GOAL OF THE EXERCISE: The answer must be every line from the entries below that contains "wealth".

Dataset records:

(* Fix $0<p\le\infty$. Let $t(x_1,\dots,x_n)$ and $s(x_1,\dots,x_n)$ be terms built from variables $x_1,\dots,x_n$, constants $r\in[0,\infty]$, and the binary operations $\otimes,\otimes^*,\oplus_p,\oplus^*_p$. Suppose that $t(a_1,\dots,a_n)\le s(a_1,\dots,a_n)$ for all $a_1,\dots,a_n\in[0,\infty]$ (operations evaluated in $[0,\infty]$). Then in any counary calculus (with $p$-structures as below) that contains the rule EFQ ($0$ / $\Gamma\vdash\Delta$ for all cedents $\Gamma,\Delta$), the rule $$\frac{t(\Gamma_1\vdash\Delta_1,\dots,\Gamma_n\vdash\Delta_n)}{s(\Gamma_1\vdash\Delta_1,\dots,\Gamma_n\vdash\Delta_n)}$$ (obtained by substituting sequents for the variables and reading the operations as formal structure operations) is admissible.
   Context: Alethic values: $[0,\infty]$ with its usual order. Conjunctive multiplication $\otimes$ is the usual product on $(0,\infty)$, with $0\otimes a=a\otimes 0=0$ for all $a\in[0,\infty]$ and $a\otimes\infty=\infty\otimes a=\infty$ for $a\in(0,\infty]$. Inversion: $0^*=\infty$, $\infty^*=0$, $a^*=1/a$ otherwise. Disjunctive multiplication $a\otimes^* b:=(a^*\otimes b^* )^*$. Sum $\oplus$ is ordinary addition with $a\oplus\infty=\infty$; harmonic sum $a\oplus^*b:=(a^*\oplus b^* )^*$. For $0<p<\infty$ (conventions $0^p=0$, $\infty^p=\infty$): $a\oplus_p b:=(a^p\oplus b^p)^{1/p}$, $a\oplus^*_p b:=(a^p\oplus^* b^p)^{1/p}$; for $p=\infty$: $a\oplus_\infty b:=\max(a,b)$, $a\oplus^*_\infty b:=\min(a,b)$. Quantitative ($p$-hard) calculi: fix a set of formulas; a sequent is $\Gamma\vdash\Delta$ with $\Gamma,\Delta$ finite multisets of formulas. Structures: $H::=(\Gamma\vdash\Delta)\mid r\mid H\otimes H\mid H\otimes^*H\mid H\oplus_pH\mid H\oplus^*_pH$, $r\in[0,\infty]$ (formal operations). A structure with no sequent is closed and evaluates in $[0,\infty]$ to its validity. A rule is a schema $H/H'$ (premise structure, conclusion structure); a calculus is a set of rules; it is counary if every rule's conclusion is a single sequent. Derivations are defined inductively: identity $H/H$; rule instances; vertical composition of derivations $H\to I$ and $I\to K$; for $\ast\in\{\otimes,\otimes^*,\oplus_p,\oplus^*_p\}$, from derivations $H_1\to K_1$ and $H_2\to K_2$ a derivation $H_1\ast H_2\to K_1\ast K_2$. A closed derivation has closed top structure; its validity is the value of that top. The provability $\|K\|_R$ of a structure $K$ in calculus $R$ is the supremum of validities of closed derivations in $R$ with bottom structure $K$ ($0$ if none). A rule is admissible in $R$ if adding it to $R$ does not change the provability of any structure. *)

From HB Require Import structures.
From mathcomp Require Import all_boot all_order all_algebra.
From mathcomp Require Import finmap multiset.
From mathcomp Require Import boolp classical_sets reals constructive_ereal ereal exp.
Set Implicit Arguments. Unset Strict Implicit. Unset Printing Implicit Defensive.
Import Order.TTheory GRing.Theory Num.Theory.
Local Open Scope ring_scope.
Local Open Scope ereal_scope.
Lemma chrom_le_dp_chrom (n m : nat) (e : rel 'I_n) : symmetric e -> irreflexive e ->
  chrom_poly e m <= dp_chrom e m + #|offdiag (edges e)| * m ^ (n - 2).
Proof.
move=> esym eirr; rewrite addnC -leq_subLR /dp_chrom -minEnat -leEnat.
apply: le_bigmin => [|EH cover]; rewrite leEnat leq_subLR addnC.
  apply: leq_trans (leq_addr _ _); apply: leq_trans (card_colorings_le n m).
  by rewrite /chrom_poly (leq_trans (max_card _)) // card_ffun !card_ord.
exact: chrom_poly_le_cover.
Qed.

Lemma offdiag_edges_small (n : nat) (e : rel 'I_n) : n < 2 -> #|offdiag (edges e)| = 0.
Proof.
move=> n_lt2; apply/eqP; rewrite cards_eq0; apply/eqP/setP => -[[u v] q].
rewrite !inE /=; apply/negP => /andP[/andP[/andP[lt_uv _] _] _].
by have := ltn_ord v; lia.
Qed.

Local Open Scope ring_scope.

Theorem mainTheorem3 (n : nat) (e : rel 'I_n) (esym : symmetric e)
    (eirr : irreflexive e) :
  exists (C : rat) (M : nat), forall m : nat, (M <= m)%N ->
    `| (chrom_poly e m)%:R - (dp_chrom e m)%:R | <= C * (m%:R : rat) ^ (n%:Z - 2).
Proof.
pose K := #|offdiag (edges e)|.
exists K%:R, 0%N => m _.
have -> : K%:R * (m%:R : rat) ^ (n%:Z - 2) = (K * m ^ (n - 2))%:R.
  have [n_lt2|n_ge2] := ltnP n 2; first by rewrite /K offdiag_edges_small // mul0r mul0n.
  by rewrite subzn // natrM natrX.
rewrite ger0_norm ?subr_ge0 ?ler_nat ?dp_chrom_le_chrom //.
by rewrite lerBlDl -natrD ler_nat chrom_le_dp_chrom.
Qed.
(* Let $p\in(0,1)$ and $x\geq 1$. Let $(\xi_n)_{n\geq1}$ be i.i.d. random variables with $\mathbf{P}(\xi_1=1)=p=1-\mathbf{P}(\xi_1=-1)$. Set $W_0:=x$, $B_1:=1$ and, for $n\geq 1$, $W_n:=W_{n-1}+\xi_nB_n$ and $B_{n+1}:=B_n2^{\xi_n}$. Let $f(x,p):=\mathbf{P}(W_n\leq 0 \text{ for some } n)$. Then $f(x,p)<1$ if and only if $x>2$ and $p<1/2$.
   Context: $W_n$ is the wealth of a gambler after $n$ rounds (initial fortune $x$) and $B_n$ is the bet at round $n$: the bet is doubled after each win ($\xi_n=1$) and halved after each loss ($\xi_n=-1$). $f(x,p)$ is the ruin probability. *)

From Stdlib Require Import Reals List.
From Coquelicot Require Import Coquelicot.
Open Scope R_scope.

(* A realization of the first N coin tosses xi_1..xi_N is a list of booleans
   [b_1; ...; b_N], b_k = true meaning xi_k = 1 (a win), false meaning xi_k = -1. *)
Definition sgn (b : bool) : R := if b then 1 else -1.

(* xi_n for n >= 1 (index 0 is unused); beyond the horizon the value is irrelevant. *)
Definition xi_of (l : list bool) (n : nat) : R := sgn (nth (pred n) l true).

(* bet xi n = B_{n+1}:  B_1 = 1,  B_{n+1} = B_n * 2^{xi_n}. *)
Fixpoint bet (xi : nat -> R) (n : nat) : R :=
  match n with
  | O => 1
  | S m => bet xi m * Rpower 2 (xi (S m))
  end.

Fixpoint wealth (x : R) (xi : nat -> R) (n : nat) : R :=
  match n with
  | O => x
  | S m => wealth x xi m + xi (S m) * bet xi m
  end.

TASK RESPONSE:
   Context: $W_n$ is the wealth of a gambler after $n$ rounds (initial fortune $x$) and $B_n$ is the bet at round $n$: the bet is doubled after each win ($\xi_n=1$) and halved after each loss ($\xi_n=-1$). $f(x,p)$ is the ruin probability. *)
Fixpoint wealth (x : R) (xi : nat -> R) (n : nat) : R :=
  | S m => wealth x xi m + xi (S m) * bet xi m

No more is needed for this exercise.